Старик так же тихо ответил ему:
— А чего из шахты выходить — тут он, дом. Бывало, заболеешь и в больницу не идешь, ляжешь в шахте — она вылечит.
— Выйдем, выйдем! — громко, так, чтобы слышали все, сказал Костицын. — Выйдем из этой шахты, мы непобедимые люди, мы доказали это, товарищи!
Но едва произнес он эти слова, как тяжелый, медленный глухой удар потряс свод и почву. Заскрипела, затрещала крепь, глыбы породы повалились наземь, все, казалось, зашевелилось вокруг, а затем вдруг сомкнулось, сжало повалившихся людей, сдавило им грудь, сперло дыхание. Был миг, когда казалось — нечем дышать: то густая и мелкая пыль, годами копившаяся на сводах, на крепи, поднялась и заполнила воздух.
Чей-то кашляющий, задыхающийся голос хрипло произнес:
— Немец ствол взорвал! Могила всем нам…
И тотчас же упрямый, исступленный голос Костицына перебил:
— Нет, не втопчет он нас в землю, выйдем мы, слышите — подымемся наверх, мы выйдем!
И какое-то святое и злое упорство охватило людей. Кашляя и задыхаясь, словно опьяневшие от мысли, владевшей ими, кричали они:
— Выйдем, товарищ капитан, поднимемся наверх, своей волей поднимемся!
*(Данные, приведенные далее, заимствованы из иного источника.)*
(* Step S(x): least s >= 0 with is_pre (0 if none exists; it always exists on X). *)
Definition kstep (m x : nat) : nat :=
  match pselect (exists s, is_pre m x s) with
  | left h => ex_minn h
  | right _ => 0
  end.

Definition is_per (m x t : nat) : bool :=
  (0 < t) && (iter (kstep m x + t) (kap m) x == iter (kstep m x) (kap m) x).

Definition kperiod (m x : nat) : nat :=
  match pselect (exists t, is_per m x t) with
  | left h => ex_minn h
  | right _ => 0
  end.

(* Fixed set K(x) = { f^(S(x)+i)(x) : 0 <= i < T(x) }, as a list (compared as a set via =i). *)
Definition kfixed (m x : nat) : seq nat :=
  [seq iter (kstep m x + i) (kap m) x | i <- iota 0 (kperiod m x)].

From mathcomp Require Import all_boot ssralg zmodp zify boolp.
Import GRing.Theory.
Set Implicit Arguments. Unset Strict Implicit. Unset Printing Implicit Defensive.

(* Writing w = a*m + b, f(w) = |a - b| * (m - 1): after one step every orbit
   lives on the multiples k*(m-1) with k < m, on which f acts as the folding
   map kapq k = |m + 1 - 2k| (with kapq 0 = 0).  Put n = m + 1.  Modulo n,
   kapq k = +-2k, hence kapq^s k = +-2^s k.  Since kapq k = kapq (n - k), a
   point y on a kapq-cycle satisfies kapq^s y = y as soon as kapq^s y = +-y
   (mod n), i.e. iff n divides (2^s - 1) y or (2^s + 1) y.  If the multiples
   of y vanishing mod n are exactly the multiples of d, this says that
   d | 2^s - 1 or d | 2^s + 1, so the period of y is the least such s.

   The theorem follows:
   a nonzero cycle point y yields d = n / gcd(y, n), and conversely a divisor
   d of n yields the cycle point kapq (n / d), whose annihilator mod n is d. *)

Definition is_min_period (T : Type) (f : T -> T) (z : T) (t : nat) : Prop :=
  [/\ 0 < t, iter t f z = z & forall s, 0 < s -> iter s f z = z -> t <= s].

Lemma kap0 m j : iter j (kap m) 0 = 0.
Proof. by elim: j => //= j ->; rewrite /kap /kdesc /kasc div0n mod0n. Qed.

Lemma kperiod_min m x : 0 < kperiod m x ->
  is_min_period (kap m) (iter (kstep m x) (kap m) x) (kperiod m x).
Proof.
rewrite /kperiod; case: pselect => [ex _ | _] //.
case: ex_minnP => t /andP [t_gt0 /eqP per] least; split => //.
- by rewrite -iterD addnC.
- by move=> s s_gt0 per_s; apply: least; rewrite /is_per s_gt0 addnC iterD per_s /=.
Qed.

Lemma kstep_periodic m x t : 0 < t -> iter t (kap m) x = x -> kstep m x = 0.
Proof.
move=> t_gt0 per; have pre0 : is_pre m x 0 by apply/asboolP; exists t.
rewrite /kstep; case: pselect => [ex | []]; last by exists 0.
by case: ex_minnP => s _ /(_ 0 pre0); rewrite leqn0 => /eqP.
Qed.

Lemma kperiod_of_min m x t : is_min_period (kap m) x t -> kperiod m x = t.
Proof.
case=> t_gt0 per least; have step0 := kstep_periodic t_gt0 per.
have per_t : is_per m x t by rewrite /is_per step0 t_gt0 per /=.
rewrite /kperiod; case: pselect => [ex | []]; last by exists t.
case: ex_minnP => p + /(_ t per_t) le_pt; rewrite /is_per step0 => /andP [p_gt0 /eqP per_p].
by apply/eqP; rewrite eqn_leq le_pt least.
Qed.

Lemma kfixed_zero m x : 0 < kperiod m x ->
  (kfixed m x =i [:: 0]) <-> iter (kstep m x) (kap m) x = 0.
Proof.
move=> T_gt0; have z_in : iter (kstep m x) (kap m) x \in kfixed m x.
  by apply/mapP; exists 0; rewrite ?addn0 // mem_iota add0n.
split=> [K0 | z0 a]; first by move: z_in; rewrite K0 inE => /eqP.
rewrite inE; apply/mapP/eqP => [[i _ ->] | ->]; first by rewrite addnC iterD z0 kap0.
by move: z_in; rewrite z0 => /mapP.
Qed.

Section Reduction.
Variable m : nat.
Hypothesis m_ge2 : 2 <= m.

Definition kgap (w : nat) : nat := maxn (w %/ m) (w %% m) - minn (w %/ m) (w %% m).

(* The action of the Kaprekar map on multiples of m - 1, see kgap_mul. *)
Definition kapq (k : nat) : nat :=
  if k == 0 then 0 else if 2 * k <= m + 1 then m + 1 - 2 * k else 2 * k - (m + 1).

Lemma kapE w : kap m w = kgap w * (m - 1).
Proof. by rewrite /kap /kdesc /kasc /kgap; case: (leqP (w %/ m) (w %% m)); nia. Qed.

Lemma kgap_lt w : w < m ^ 2 -> kgap w < m.
Proof.
move=> w_lt; have hi : w %/ m < m by rewrite ltn_divLR ?mulnn; lia.
have lo : w %% m < m by rewrite ltn_mod; lia.
rewrite /kgap; move: hi lo; generalize (w %/ m) (w %% m) => a b; lia.
Qed.

(* k*(m-1) has digits k - 1 and m - k, whose gap is kapq k. *)
Lemma kgap_mul k : k < m -> kgap (k * (m - 1)) = kapq k.
Proof.
move=> k_lt; rewrite /kapq; case: eqP => [-> | k_neq0]; first by rewrite /kgap div0n mod0n.
have -> : k * (m - 1) = (k - 1) * m + (m - k) by nia.
rewrite /kgap divnMDl ?modnMDl ?divn_small ?modn_small; try lia.
by rewrite addn0; case: ifP; lia.
Qed.

Lemma kapq_sym k : 0 < k < m + 1 -> kapq (m + 1 - k) = kapq k.
Proof.
move=> k_bd; have k_neq0 : (k == 0) = false by lia.
have k'_neq0 : (m + 1 - k == 0) = false by lia.
by rewrite /kapq k_neq0 k'_neq0; case: ifP => le1; case: ifP => le2; lia.
Qed.

Lemma kapq_lt k : k < m -> kapq k < m.
Proof. by move=> k_lt; rewrite /kapq; case: eqP => k0; [lia | case: ifP; lia]. Qed.

Lemma iter_kapq_lt k j : k < m -> iter j kapq k < m.
Proof. by move=> k_lt; elim: j => //= j; apply: kapq_lt. Qed.

Lemma iter_kap_mul k j : k < m -> iter j (kap m) (k * (m - 1)) = iter j kapq k * (m - 1).
Proof.
move=> k_lt; elim: j => //= j ->.
by rewrite kapE kgap_mul // iter_kapq_lt.
Qed.

Lemma iter_kapS w j : w < m ^ 2 -> iter j.+1 (kap m) w = iter j kapq (kgap w) * (m - 1).
Proof. by move=> w_lt; rewrite iterSr kapE iter_kap_mul // kgap_lt. Qed.

Lemma iter_kap_lt w j : w < m ^ 2 -> iter j (kap m) w < m ^ 2.
Proof.
case: j => // j w_lt; rewrite iter_kapS //.
have := iter_kapq_lt j (kgap_lt w_lt); nia.
Qed.

Lemma kap_cycle_mul z t : z < m ^ 2 -> 0 < t -> iter t (kap m) z = z ->
  exists2 y, y < m & z = y * (m - 1).
Proof.
move=> z_lt t_gt0 per; exists (iter t.-1 kapq (kgap z)); first exact/iter_kapq_lt/kgap_lt.
by rewrite -iter_kapS // prednK.
Qed.

Lemma min_period_mul y t : y < m ->
  is_min_period (kap m) (y * (m - 1)) t <-> is_min_period kapq y t.
Proof.
move=> y_lt.
have scale s : iter s (kap m) (y * (m - 1)) = y * (m - 1) <-> iter s kapq y = y.
  rewrite iter_kap_mul //; split=> [eq_mul | -> //].
  by apply/eqP; rewrite -(@eqn_pmul2r (m - 1)) ?eq_mul //; lia.
by split=> -[t_gt0 /scale per least]; split=> // s s_gt0 /scale; apply: least.
Qed.
End Reduction.

Definition pm_pow2 (d s : nat) : bool := (d %| 2 ^ s + 1) || (d %| 2 ^ s - 1).

(* Such a d divides an odd number, hence is odd. *)
Lemma pm_pow2_odd d s : 0 < s -> pm_pow2 d s -> odd d.
Proof.
move=> s_gt0; have even_pow : odd (2 ^ s) = false by rewrite oddX /=; case: s s_gt0.
by case/orP=> /dvdn_odd; apply; rewrite ?oddD ?oddB ?expn_gt0 ?even_pow.
Qed.

Lemma dvdn_quot_mul n d c : 0 < n -> d %| n -> (n %| c * (n %/ d)) = (d %| c).
Proof.
move=> n_gt0 d_dvd; have d_gt0 := dvdn_gt0 n_gt0 d_dvd.
have q_gt0 : 0 < n %/ d by rewrite divn_gt0 // dvdn_leq.
by rewrite -{1}(divnK d_dvd) mulnC dvdn_pmul2r.
Qed.

Section SignedEquality.
Local Open Scope ring_scope.
Variable R : comRingType.

(* u = +-v; in 'Z_n this is the congruence mod n up to sign. *)
Definition signed_eq (u v : R) : Prop := exists e : nat, u = (-1) ^+ e * v.

Lemma signed_eq_sym u v : signed_eq u v -> signed_eq v u.
Proof. by case=> e ->; exists e; rewrite signrMK. Qed.

Lemma signed_eq_trans u v w : signed_eq u v -> signed_eq v w -> signed_eq u w.
Proof. by case=> e1 -> [e2 ->]; exists (e1 + e2)%N; rewrite exprD mulrA. Qed.

Lemma signed_eqMl c u v : signed_eq u v -> signed_eq (c * u) (c * v).
Proof. by case=> e ->; exists e; rewrite mulrCA. Qed.

Lemma signed_eq_eq0 u v : signed_eq u v -> (u == 0) = (v == 0).
Proof.
case=> e ->; apply/eqP/eqP => [| ->]; last by rewrite mulr0.
by move/(congr1 ( *%R ((-1) ^+ e))); rewrite signrMK mulr0.
Qed.
End SignedEquality.

Section Residues.
Local Open Scope ring_scope.
Variable m : nat.
Hypothesis m_ge2 : (2 <= m)%N.
Local Notation n := (m + 1)%N.
Local Notation kapq := (kapq m).

Lemma natZp_eq0 x : ((x%:R : 'Z_n) == 0) = (n %| x)%N.
Proof. by rewrite -val_eqE /= val_Zp_nat //; lia. Qed.

Lemma signed_natP a b : (a <= b)%N ->
  signed_eq (a%:R : 'Z_n) b%:R <-> (n %| b - a)%N \/ (n %| b + a)%N.
Proof.
move=> le_ab; rewrite -!natZp_eq0 natrB // natrD; split.
- case=> e; rewrite -signr_odd; case: (odd e) => ->; rewrite ?expr1 ?expr0 ?mulN1r ?mul1r.
    by right; rewrite subrr.
  by left; rewrite subrr.
- case=> zero; [exists 0%N | exists 1%N]; apply/eqP.
    by rewrite expr0 mul1r eq_sym -subr_eq0.
  by rewrite expr1 mulN1r -addr_eq0 addrC.
Qed.

Lemma signed_nat_small u v : (u < n)%N -> (v < n)%N ->
  signed_eq (u%:R : 'Z_n) v%:R -> u = v \/ (u + v = n)%N.
Proof.
wlog le_uv : u v / (u <= v)%N => [sym | u_lt v_lt /signed_natP [] // dvd].
  case: (leqP u v) => [/sym // | /ltnW le_vu u_lt v_lt /signed_eq_sym].
  by case/(sym v u le_vu v_lt u_lt); lia.
- case/dvdnP: dvd => q diff; have : (q < 1)%N by nia.
  by case: q diff => //; lia.
- case/dvdnP: dvd => q sum; have : (q < 2)%N by nia.
  by case: q sum => [|[|]] //; lia.
Qed.

Lemma kapq_signed k : signed_eq ((kapq k)%:R : 'Z_n) (2 * k)%:R.
Proof.
rewrite /kapq; case: eqP => [-> | _]; first by exists 0%N; rewrite muln0 mulr0.
have n0 : (n%:R : 'Z_n) = 0 by apply: pchar_Zp; lia.
case: ifP => le2k; [exists 1%N | exists 0%N]; rewrite natrB ?n0; try lia.
- by rewrite sub0r expr1 mulN1r.
- by rewrite subr0 expr0 mul1r.
Qed.

Lemma iter_kapq_signed k j : signed_eq ((iter j kapq k)%:R : 'Z_n) (2 ^ j * k)%:R.
Proof.
elim: j => [|j IH]; first by exists 0%N; rewrite expr0 mul1r mul1n.
apply: signed_eq_trans (kapq_signed _) _.
by rewrite expnS -mulnA (natrM _ 2 (iter _ _ _)) (natrM _ 2 (_ * k)); apply: signed_eqMl.
Qed.

Lemma kapq_signed_eq u v : (u < n)%N -> (v < n)%N ->
  signed_eq (u%:R : 'Z_n) v%:R -> kapq u = kapq v.
Proof.
move=> u_lt v_lt /(signed_nat_small u_lt v_lt) [-> | sum]; first by [].
have -> : u = (n - v)%N by lia.
by rewrite kapq_sym //; lia.
Qed.

Lemma signed_mul_dvd c u : (0 < c)%N ->
  signed_eq (u%:R : 'Z_n) (c * u)%:R <-> (n %| (c - 1) * u)%N \/ (n %| (c + 1) * u)%N.
Proof.
by move=> c_gt0; rewrite signed_natP ?leq_pmull // mulnBl mulnDl mul1n.
Qed.

(* A periodic point y of kapq returns after s steps iff y = +-2^s y mod n:
   if kapq^s y = n - y, then kapq^(s+1) y = kapq y and going round the
   cycle gives kapq^s y = y. *)
Lemma kapq_fix_iff y p s : (y < m)%N -> (0 < p)%N -> iter p kapq y = y ->
  iter s kapq y = y <-> signed_eq (y%:R : 'Z_n) (2 ^ s * y)%:R.
Proof.
move=> y_lt p_gt0 per; have orbit := iter_kapq_signed y s.
split=> [fix_s | signed_s]; first by rewrite fix_s in orbit.
have step : kapq (iter s kapq y) = kapq y.
  apply: kapq_signed_eq (ltn_addr 1 (iter_kapq_lt m_ge2 s y_lt)) (ltn_addr 1 y_lt) _.
  exact: signed_eq_trans orbit (signed_eq_sym signed_s).
rewrite -{1}per -iterD (_ : (s + p = p.-1 + s.+1)%N); last by lia.
by rewrite iterD iterS step -iterSr prednK.
Qed.

Lemma kapq_image_fix k s : (k < m)%N ->
  (n %| (2 ^ s - 1) * k)%N \/ (n %| (2 ^ s + 1) * k)%N -> iter s kapq (kapq k) = kapq k.
Proof.
move=> k_lt /signed_mul_dvd; rewrite expn_gt0 => /(_ isT) signed_s.
rewrite -iterSr iterS.
apply: kapq_signed_eq (ltn_addr 1 (iter_kapq_lt m_ge2 s k_lt)) (ltn_addr 1 k_lt) _.
exact: signed_eq_trans (iter_kapq_signed k s) (signed_eq_sym signed_s).
Qed.

(* For an odd divisor d of n, the multiples of kapq (n / d) = +-2n/d that
   vanish mod n are the multiples of d. *)
Lemma kapq_quot_dvd d a : (d %| n)%N -> odd d ->
  (n %| a * kapq (n %/ d))%N = (d %| a)%N.
Proof.
move=> d_dvd d_odd; have n_gt0 : (0 < n)%N by rewrite addn1.
have signed_a := signed_eqMl (a%:R : 'Z_n) (kapq_signed (n %/ d)).
rewrite -!natrM in signed_a.
rewrite -natZp_eq0 (signed_eq_eq0 signed_a) natZp_eq0 mulnA (dvdn_quot_mul _ n_gt0 d_dvd).
by rewrite Gauss_dvdl // coprimen2.
Qed.
End Residues.

Definition least_pm_pow2 (d t : nat) : Prop :=
  [/\ 0 < t, pm_pow2 d t & forall t', 0 < t' -> t' < t -> ~~ pm_pow2 d t'].

Lemma dvdn_mul_gcd n y a : 0 < n -> (n %| a * y) = (n %/ gcdn y n %| a).
Proof.
move=> n_gt0; have g_gt0 : 0 < gcdn y n by rewrite gcdn_gt0 n_gt0 orbT.
apply/idP/idP => [dvd | dvd].
- rewrite -(dvdn_pmul2r g_gt0) divnK ?dvdn_gcdr //.
  by rewrite muln_gcdr dvdn_gcd dvd dvdn_mull.
- rewrite -(divnK (dvdn_gcdl y n)) mulnA -[X in X %| _](divnK (dvdn_gcdr y n)).
  by apply: dvdn_mul => //; apply: dvdn_mulr.
Qed.

Lemma gcd_quot_gt1 n y : 0 < y < n -> 1 < n %/ gcdn y n.
Proof.
case/andP=> y_gt0 y_lt; have n_gt0 : 0 < n by apply: leq_trans y_lt.
have q_gt0 : 0 < n %/ gcdn y n := dvdn_gt0 n_gt0 (dvdn_div (dvdn_gcdr y n)).
rewrite ltn_neqAle eq_sym q_gt0 andbT; apply/eqP => q1.
have := dvdn_mul_gcd y 1 n_gt0; rewrite q1 mul1n dvdnn => /(dvdn_leq y_gt0).
by rewrite leqNgt y_lt.
Qed.

Section Periods.
Variable m : nat.
Hypothesis m_ge2 : 2 <= m.
Local Notation n := (m + 1).
Local Notation kapq := (kapq m).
Костицын отрядил двух человек к стволу. Их повел старик забойщик. Идти было трудно, во многих местах взрыв вызвал завалы и обрушения кровли.
— За мной, сюда, за ногу меня щупай, — говорил Козлов и уверенно, легко переползал через груды породы и поваленные стойки крепления…
Он нашел часовых на шахтном дворе: оба они лежали в уже холодевшей крови и оба крепко держали в руках раздробленные свои автоматы. Погибших похоронили, завалили их тела кусками породы. Один из бойцов сказал:
— Вот теперь нас три Ивана осталось.
Старик долго лазил по подземному двору, пробрался к стволу, шумел там, разбирал крепь и породу, охал, ужасался силе взрыва.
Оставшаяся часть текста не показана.